Okay, he had her there. At that moment, with him standing naked before her, staring right in her eyes…
Well, she just couldn’t squeak out that big of a lie. She opened her mouth. All that came out was, “I…” She had no clue where to go from there.
And he refused to b
ack off about it. “Just do it. Just say it. I don’t want you, Brand. And I’ll go.”
She only shook her head as her yearning made a soft heat low in her belly, a lovely, lazy, melting sensation.
“Okay, then.” His eyes said he understood perfectly what he did to her, what he made her feel. “You want me.”
“Yes.” She gave him the word, half in bitterness, half in the soft, yearning whisper of desire.
“Let’s go with that, then, why don’t we? With how much you want me. Let’s not get it all bound up with…complicated emotions. We want each other. You called me. I came over. You’ve made it real damn clear that you’re not in love with me. Still, there’s no reason we both can’t have…what we want.”
But there was a reason. No matter what he said. If she took him to bed, it would change what they were to each other. Was she ready for that?
She had no idea. And that meant she should…argue some more, say something tough and un-flinching. She should push him away, ask him to please get dressed and go.
But, oh, what she should do and what she wanted so bad that wanting had a taste and a scent and a hard, hot feel…
Those were two different things.
And he was making it worse. Or better.
Or…whatever.
He was kissing her, light kisses, nipping, arousing kisses, down over her jawline, along the side of her neck. She shivered.
And she sighed.
He trailed a hand over the curve of her shoulder and inward, laying his palm, so lightly, against her breast. Even through her shirt and bra, her nipple seemed to rise to meet him.
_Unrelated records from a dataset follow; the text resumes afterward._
(* Let $\widetilde{\Sigma}_1,\ldots,\widetilde{\Sigma}_n$ be pairwise disjoint visibly pushdown alphabets and $\widetilde{\Sigma}=\widetilde{\Sigma}_1\uplus\cdots\uplus\widetilde{\Sigma}_n$. If $L_i\subseteq\widetilde{\Sigma}_i^*$ is a visibly pushdown language for each $i$, then the well-nested shuffle $L_1\bowtie\cdots\bowtie L_n$ is a visibly pushdown language over $\widetilde{\Sigma}$.
   Context: A visibly pushdown (VP) alphabet is a finite alphabet partitioned into calls, returns and internals; $\widetilde{\Sigma}$ has as calls/returns/internals the unions of those of the $\widetilde{\Sigma}_i$. A visibly pushdown automaton is a pushdown automaton with bottom symbol $\bot$ that pushes one non-$\bot$ symbol on each call, pops the top symbol on each return (reading $\bot$ on empty stack without removing it), and does not touch the stack on internals; a visibly pushdown language is one accepted by such an automaton. In a word, calls and returns are matched like opening and closing parentheses (internals ignored). A word over $\widetilde{\Sigma}$ is well-nested if every matched call–return pair consists of two letters from the same $\widetilde{\Sigma}_k$. The shuffle $L_1\parallel\cdots\parallel L_n$ is $\{w\in\widetilde{\Sigma}^*:\Pi_{\widetilde{\Sigma}_i}(w)\in L_i\text{ for all }i\}$, where $\Pi_{\widetilde{\Sigma}_i}$ erases letters not in $\widetilde{\Sigma}_i$; the well-nested shuffle $L_1\bowtie\cdots\bowtie L_n$ is the set of well-nested words in $L_1\parallel\cdots\parallel L_n$. *)

From mathcomp Require Import all_boot.
Set Implicit Arguments. Unset Strict Implicit. Unset Printing Implicit Defensive.

(* A visibly pushdown alphabet: a finite type A with a partition of its
   letters into calls, returns and internals, given by [kind : A -> letter_kind]. *)
Inductive letter_kind := Call | Ret | Int.

(* The stack is a [seq G]
   (head = top); the empty stack represents the stack holding only the bottom
   symbol ⊥ (G contains only non-⊥ symbols).
   - dcall q a q' g : on call a in state q, go to q' and push g;
   - dret q a top q' : on return a in state q with top of stack [top]
     ([None] = ⊥, in which case nothing is popped), go to q' (and pop);
   - dint q a q' : on internal a, go to q', stack untouched. *)
Record VPA (A : Type) := {
  vQ : finType;
  vG : finType;
  vinit : pred vQ;
  vfinal : pred vQ;
  vcall : vQ -> A -> vQ -> vG -> bool;
  vret : vQ -> A -> option vG -> vQ -> bool;
  vint : vQ -> A -> vQ -> bool }.

Section VPA_semantics.
Variables (A : Type) (kind : A -> letter_kind) (M : VPA A).

Definition vstep (q : vQ M) (st : seq (vG M)) (a : A)
    (q' : vQ M) (st' : seq (vG M)) : Prop :=
  match kind a with
  | Call => exists g, st' = g :: st /\ vcall q a q' g
  | Ret => match st with
           | [::] => st' = [::] /\ vret q a None q'
           | g :: s => st' = s /\ vret q a (Some g) q'
           end
  | Int => st' = st /\ vint q a q'
  end.

Inductive vrun : vQ M -> seq (vG M) -> seq A -> vQ M -> seq (vG M) -> Prop :=
  | vrun_nil q st : vrun q st [::] q st
  | vrun_cons q st a w q1 st1 q2 st2 :
      vstep q st a q1 st1 -> vrun q1 st1 w q2 st2 -> vrun q st (a :: w) q2 st2.

Definition vaccepts (w : seq A) : Prop :=
  exists (q0 qf : vQ M) (st : seq (vG M)), @vinit A M q0 /\ vrun q0 [::] w qf st /\ @vfinal A M qf.
End VPA_semantics.

Definition is_VPL (A : Type) (kind : A -> letter_kind) (L : seq A -> Prop) : Prop :=
  exists M : VPA A, forall w, L w <-> vaccepts kind M w.

(* The combined alphabet Σ̃ is [Sigma] with [kind]; [comp a = k] says that the
   letter a belongs to the k-th sub-alphabet Σ̃_k (so the Σ̃_k are pairwise
   disjoint and their union is Σ̃). *)
Section Shuffle.
Variables (n : nat) (Sigma : finType) (kind : Sigma -> letter_kind)
  (comp : Sigma -> 'I_n).

Definition subalph (i : 'I_n) : Type := {a : Sigma | comp a == i}.

Definition sub_kind (i : 'I_n) (a : subalph i) : letter_kind := kind (sval a).

Definition proj (i : 'I_n) (w : seq Sigma) : seq (subalph i) :=
  pmap (fun a : Sigma => match comp a =P i with
                         | ReflectT e => Some (exist _ a (introT eqP e))
                         | ReflectF _ => None end) w.

(* Well-nestedness: calls and returns are matched like parentheses (with a
   stack of pending calls); each matched call/return pair must be in the same
   sub-alphabet. Unmatched returns (empty stack) and pending calls are allowed. *)
Fixpoint wn_aux (st : seq Sigma) (w : seq Sigma) : bool :=
  match w with
  | [::] => true
  | a :: w' =>
      match kind a with
      | Call => wn_aux (a :: st) w'
      | Ret => match st with
               | [::] => wn_aux [::] w'
               | c :: st' => (comp c == comp a) && wn_aux st' w'
               end
      | Int => wn_aux st w'
      end
  end.

Definition well_nested (w : seq Sigma) : bool := wn_aux [::] w.

Definition shuffle (L : forall i : 'I_n, seq (subalph i) -> Prop) (w : seq Sigma) : Prop :=
  forall i : 'I_n, L i (proj i w).

Definition wn_shuffle (L : forall i : 'I_n, seq (subalph i) -> Prop) (w : seq Sigma) : Prop :=
  well_nested w /\ shuffle L w.
End Shuffle.

From mathcomp Require Import all_boot.

(* The product of the component automata runs each letter on the automaton of
   its own sub-alphabet, and pushes stack symbols tagged with the component
   that pushed them. A return may only pop a symbol of its own component, which
   is exactly well-nestedness; under this discipline the symbols of component i
   on the product stack form the stack of the i-th automaton, so the product
   accepts a word iff it is well nested and every projection is accepted. *)

Set Implicit Arguments. Unset Strict Implicit. Unset Printing Implicit Defensive.

Section RunInversion.
Variables (A : Type) (kd : A -> letter_kind) (N : VPA A).

Lemma vrun_nilE (q q' : vQ N) (st st' : seq (vG N)) :
  vrun kd q st [::] q' st' -> q' = q /\ st' = st.
Proof. by move=> R; inversion R. Qed.

Lemma vrun_consE (q q2 : vQ N) (st st2 : seq (vG N)) a w :
  vrun kd q st (a :: w) q2 st2 ->
  exists q1 st1, vstep kd q st a q1 st1 /\ vrun kd q1 st1 w q2 st2.
Proof. by move=> R; inversion R; subst; do 2 eexists; split; eauto. Qed.

End RunInversion.

Section WellNestedProduct.
Variables (n : nat) (Sigma : finType) (kind : Sigma -> letter_kind)
  (comp : Sigma -> 'I_n).

Definition sub_letter (a : Sigma) : subalph comp (comp a) := exist _ a (eqxx _).

Lemma proj_cons_comp a w :
  proj comp (comp a) (a :: w) = sub_letter a :: proj comp (comp a) w.
Proof.
(* [eqP] also occurs in the proof term under the match: generalize it first so
   that the case analysis on [comp a =P comp a] is well typed. *)
rewrite /proj /=; move: (introT (P := comp a = comp a) eqP) => toP.
by case: eqP => // e; congr (_ :: _); apply: val_inj.
Qed.

Lemma proj_cons_other i a w : comp a != i -> proj comp i (a :: w) = proj comp i w.
Proof. by rewrite /proj /=; move: (introT (P := comp a = i) eqP) => toP; case: eqP. Qed.

Variable M : forall i : 'I_n, VPA (subalph comp i).

Local Notation ckind i := (@sub_kind n Sigma kind comp i).
Local Notation psym g := (Tagged (fun j => vG (M j)) g).

Definition prod_state : finType := {dffun forall i : 'I_n, vQ (M i)}.
Definition prod_sym : finType := {i : 'I_n & vG (M i)}.

Definition sym_at (i : 'I_n) (G : prod_sym) : option (vG (M i)) := untag None Some G.

Definition stack_at (i : 'I_n) (ST : seq prod_sym) : seq (vG (M i)) :=
  pmap (sym_at i) ST.
Arguments stack_at : simpl never.

Lemma sym_at_Some i G g : sym_at i G = Some g -> G = psym g.
Proof. by case: G => j h; rewrite /sym_at /untag /=; case: eqP => // e; subst j => -[->]. Qed.

Lemma sym_at_tag i g : sym_at i (psym g) = Some g.
Proof. by rewrite /sym_at /untag /=; case: eqP => // e; rewrite eq_axiomK. Qed.

Lemma stack_at_cons_tag i g ST :
  stack_at i (psym g :: ST) = g :: stack_at i ST.
Proof. by rewrite /stack_at /= sym_at_tag. Qed.

Lemma stack_at_cons_other i G ST : tag G != i -> stack_at i (G :: ST) = stack_at i ST.
Proof. by move=> ne; rewrite /stack_at /= /sym_at untag_dflt. Qed.

Definition others_fixed (k : 'I_n) (Q Q' : prod_state) : bool :=
  [forall j, (j != k) ==> (Q' j == Q j)].

Lemma others_fixed_eq k Q Q' j : others_fixed k Q Q' -> k != j -> Q' j = Q j.
Proof. by move=> /forallP /(_ j) /implyP H ne; apply/eqP/H; rewrite eq_sym. Qed.

Definition set_state (Q : prod_state) (k : 'I_n) (q : vQ (M k)) : prod_state :=
  finfun (dfwith Q q).

Lemma set_state_in Q k (q : vQ (M k)) : set_state Q q k = q.
Proof. by rewrite ffunE dfwith_in. Qed.

Lemma set_state_out Q k (q : vQ (M k)) j : k != j -> set_state Q q j = Q j.
Proof. by move=> ne; rewrite ffunE dfwith_out. Qed.

Lemma others_fixed_set Q k (q : vQ (M k)) : others_fixed k Q (set_state Q q).
Proof. by apply/forallP => j; apply/implyP => ne; rewrite set_state_out // eq_sym. Qed.

Definition prod_call (Q : prod_state) (a : Sigma) (Q' : prod_state) (G : prod_sym) :=
  if sym_at (comp a) G is Some g then
    vcall (Q (comp a)) (sub_letter a) (Q' (comp a)) g && others_fixed (comp a) Q Q'
  else false.

Definition prod_ret (Q : prod_state) (a : Sigma) (oG : option prod_sym) (Q' : prod_state) :=
  match oG with
  | None => vret (Q (comp a)) (sub_letter a) None (Q' (comp a)) && others_fixed (comp a) Q Q'
  | Some G =>
      if sym_at (comp a) G is Some g then
        vret (Q (comp a)) (sub_letter a) (Some g) (Q' (comp a)) && others_fixed (comp a) Q Q'
      else false
  end.

Definition prod_int (Q : prod_state) (a : Sigma) (Q' : prod_state) :=
  vint (Q (comp a)) (sub_letter a) (Q' (comp a)) && others_fixed (comp a) Q Q'.

Definition prod_vpa : VPA Sigma := {|
  vQ := prod_state; vG := prod_sym;
  vinit := fun Q => [forall i, vinit (Q i)];
  vfinal := fun Q => [forall i, vfinal (Q i)];
  vcall := prod_call; vret := prod_ret; vint := prod_int |}.

(* [st] is the stack of pending calls maintained by [wn_aux]; the invariant
   [map comp st = map tag ST] says it carries the same component tags as the
   product stack [ST]. *)
Lemma prod_step_proj Q ST a Q1 ST1 st w :
  map comp st = map tag ST -> vstep kind (M := prod_vpa) Q ST a Q1 ST1 ->
  exists2 st1, map comp st1 = map tag ST1 &
    [/\ wn_aux kind comp st1 w -> wn_aux kind comp st (a :: w),
        others_fixed (comp a) Q Q1,
        forall i, comp a != i -> stack_at i ST1 = stack_at i ST &
        vstep (ckind (comp a)) (Q (comp a)) (stack_at (comp a) ST) (sub_letter a)
          (Q1 (comp a)) (stack_at (comp a) ST1)].
Proof.
move=> tags; rewrite /vstep /sub_kind /=; case: (kind a) => /=.
- case=> G [-> /=]; rewrite /prod_call.
  case E: (sym_at _ G) => [g|//] /andP[call fixed]; rewrite (sym_at_Some E).
  exists (a :: st); first by rewrite /= tags.
  split=> // [i ne|]; first by rewrite stack_at_cons_other.
  by exists g; rewrite stack_at_cons_tag.
- case: ST tags => [|G ST] tags [-> /=].
    case: st tags => // _ /andP[ret fixed].
    by exists [::]; split.
  case E: (sym_at _ G) => [g|//] /andP[ret fixed]; move: tags.
  rewrite (sym_at_Some E); case: st => // c st [/= c_a tags].
  exists st => //; split=> // [|i ne|].
  + by rewrite c_a eqxx.
  + by rewrite stack_at_cons_other.
  + by rewrite stack_at_cons_tag.
- by case=> -> /andP[int fixed]; exists st.
Qed.

Lemma prod_step_lift (Q : prod_state) ST a q1 s1 st w :
  map comp st = map tag ST -> wn_aux kind comp st (a :: w) ->
  vstep (ckind (comp a)) (Q (comp a)) (stack_at (comp a) ST) (sub_letter a) q1 s1 ->
  exists ST1, exists2 st1, map comp st1 = map tag ST1 &
    [/\ wn_aux kind comp st1 w, stack_at (comp a) ST1 = s1,
        forall i, comp a != i -> stack_at i ST1 = stack_at i ST &
        vstep kind (M := prod_vpa) Q ST a (set_state Q q1) ST1].
Proof.
move=> tags; rewrite /vstep /sub_kind /= /prod_call /prod_int.
rewrite set_state_in others_fixed_set; case: (kind a) => wn.
- case=> g [-> call]; exists (psym g :: ST), (a :: st); first by rewrite /= tags.
  split=> // [|i ne|]; first by rewrite stack_at_cons_tag.
    by rewrite stack_at_cons_other.
  by exists (psym g); rewrite sym_at_tag andbT.
- case: ST tags => [|[j g] ST] tags.
    case: st tags wn => // _ wn [-> ret].
    by exists [::], [::]; rewrite ?andbT.
  case: st tags wn => // c st [/= c_j tags] /andP[/eqP c_a wn].
  move: g; rewrite -c_j c_a => g; rewrite stack_at_cons_tag => -[-> ret].
  exists ST, st => //; split=> // [i ne|]; first by rewrite stack_at_cons_other.
  by rewrite sym_at_tag andbT.
- by case=> -> int; exists ST, st; rewrite ?andbT.
Qed.

Lemma prod_run_proj Q ST w Q' ST' st :
  vrun kind (M := prod_vpa) Q ST w Q' ST' -> map comp st = map tag ST ->
  wn_aux kind comp st w /\
  forall i, vrun (ckind i) (Q i) (stack_at i ST) (proj comp i w) (Q' i) (stack_at i ST').
Proof.
move=> R; elim: R st => {Q ST w Q' ST'} [Q ST | Q ST a w Q1 ST1 Q2 ST2 step _ IH] st tags.
  by split=> // i; apply: vrun_nil.
have [st1 tags1 [wn1 fixed other cstep]] := prod_step_proj w tags step.
have [wn runs] := IH st1 tags1; split=> [|i]; first exact: wn1.
have [<-|ne] := eqVneq (comp a) i.
  by rewrite proj_cons_comp; apply: vrun_cons cstep (runs _).
by rewrite proj_cons_other // -other // -(others_fixed_eq fixed ne).
Qed.

Lemma prod_run_lift (Q Q' : prod_state) ST w st :
  map comp st = map tag ST -> wn_aux kind comp st w ->
  (forall i, exists s, vrun (ckind i) (Q i) (stack_at i ST) (proj comp i w) (Q' i) s) ->
  exists ST', vrun kind (M := prod_vpa) Q ST w Q' ST'.
Proof.
elim: w Q ST st => [|a w IH] Q ST st tags wn runs.
  suff -> : Q' = Q by exists ST; apply: vrun_nil.
  by apply/ffunP => i; have [s /vrun_nilE[]] := runs i.
have [s] := runs (comp a); rewrite proj_cons_comp => run_a.
have [q1 [s1 [cstep crun]]] := vrun_consE run_a.
have [ST1 [st1 tags1 [wn1 top1 other step]]] := prod_step_lift tags wn cstep.
have runs1 i : exists s, vrun (ckind i) (set_state Q q1 i) (stack_at i ST1)
    (proj comp i w) (Q' i) s.
  have [<-|ne] := eqVneq (comp a) i; first by exists s; rewrite set_state_in top1.
  have [s' run] := runs i; exists s'.
  by rewrite set_state_out // other // -(proj_cons_other _ ne).
have [ST' run] := IH _ _ _ tags1 wn1 runs1.
by exists ST'; apply: vrun_cons step run.
Qed.

Lemma prod_accepts w :
  vaccepts kind prod_vpa w <->
  well_nested kind comp w /\ forall i, vaccepts (ckind i) (M i) (proj comp i w).
Proof.
split=> [[Q0 [Qf [ST [/forallP init [run /forallP final]]]]] | [wn acc]].
  have [wn runs] := prod_run_proj (st := [::]) run erefl.
  by split=> // i; exists (Q0 i), (Qf i), (stack_at i ST).
have /fin_all_exists [q0f ok] : forall i, exists q : vQ (M i) * vQ (M i),
    [/\ vinit q.1, exists s, vrun (ckind i) q.1 [::] (proj comp i w) q.2 s & vfinal q.2].
  by move=> i; have [q0 [qf [s [? [? ?]]]]] := acc i; exists (q0, qf); split=> //; exists s.
pose Q0 : prod_state := finfun (fun i => (q0f i).1).
pose Qf : prod_state := finfun (fun i => (q0f i).2).
have [ST run] : exists ST, vrun kind (M := prod_vpa) Q0 [::] w Qf ST.
  by apply: (prod_run_lift (st := [::])) => // i; rewrite !ffunE; case: (ok i).
exists Q0, Qf, ST; split; first by apply/forallP => i; rewrite ffunE; case: (ok i).
by split=> //; apply/forallP => i; rewrite ffunE; case: (ok i).
Qed.

End WellNestedProduct.

Theorem theorem4p2 (n : nat) (Sigma : finType) (kind : Sigma -> letter_kind)
    (comp : Sigma -> 'I_n)
    (L : forall i : 'I_n, seq (subalph comp i) -> Prop) :
  (forall i : 'I_n, is_VPL (sub_kind kind (comp:=comp) (i:=i)) (L i)) ->
  is_VPL kind (wn_shuffle kind L).
Proof.
move=> /fin_all_exists [M accM]; exists (prod_vpa M) => w.
split=> [[wn sh] | /prod_accepts[wn acc]]; last by split=> // i; apply/accM.
by apply/prod_accepts; split=> // i; apply/accM.
Qed.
She moaned, half in excitement and half in weak protest. “Not fair…”
“Too bad.” He licked her neck, one long, slow stroke. And he blew where he’d licked, so she shivered in delight.
She couldn’t help herself. She really had to touch him. She grasped his bare shoulders, sighing at the pure pleasure of the contact, loving the sleek, hard feel of him as that taunting hand of his left her breast and began undoing the little white buttons down the front of her shirt.
It should have been so simple, shouldn’t it?
To put a hand over his, to tell him, Stop.
One word, one quelling touch of her hand on his. Nothing to it.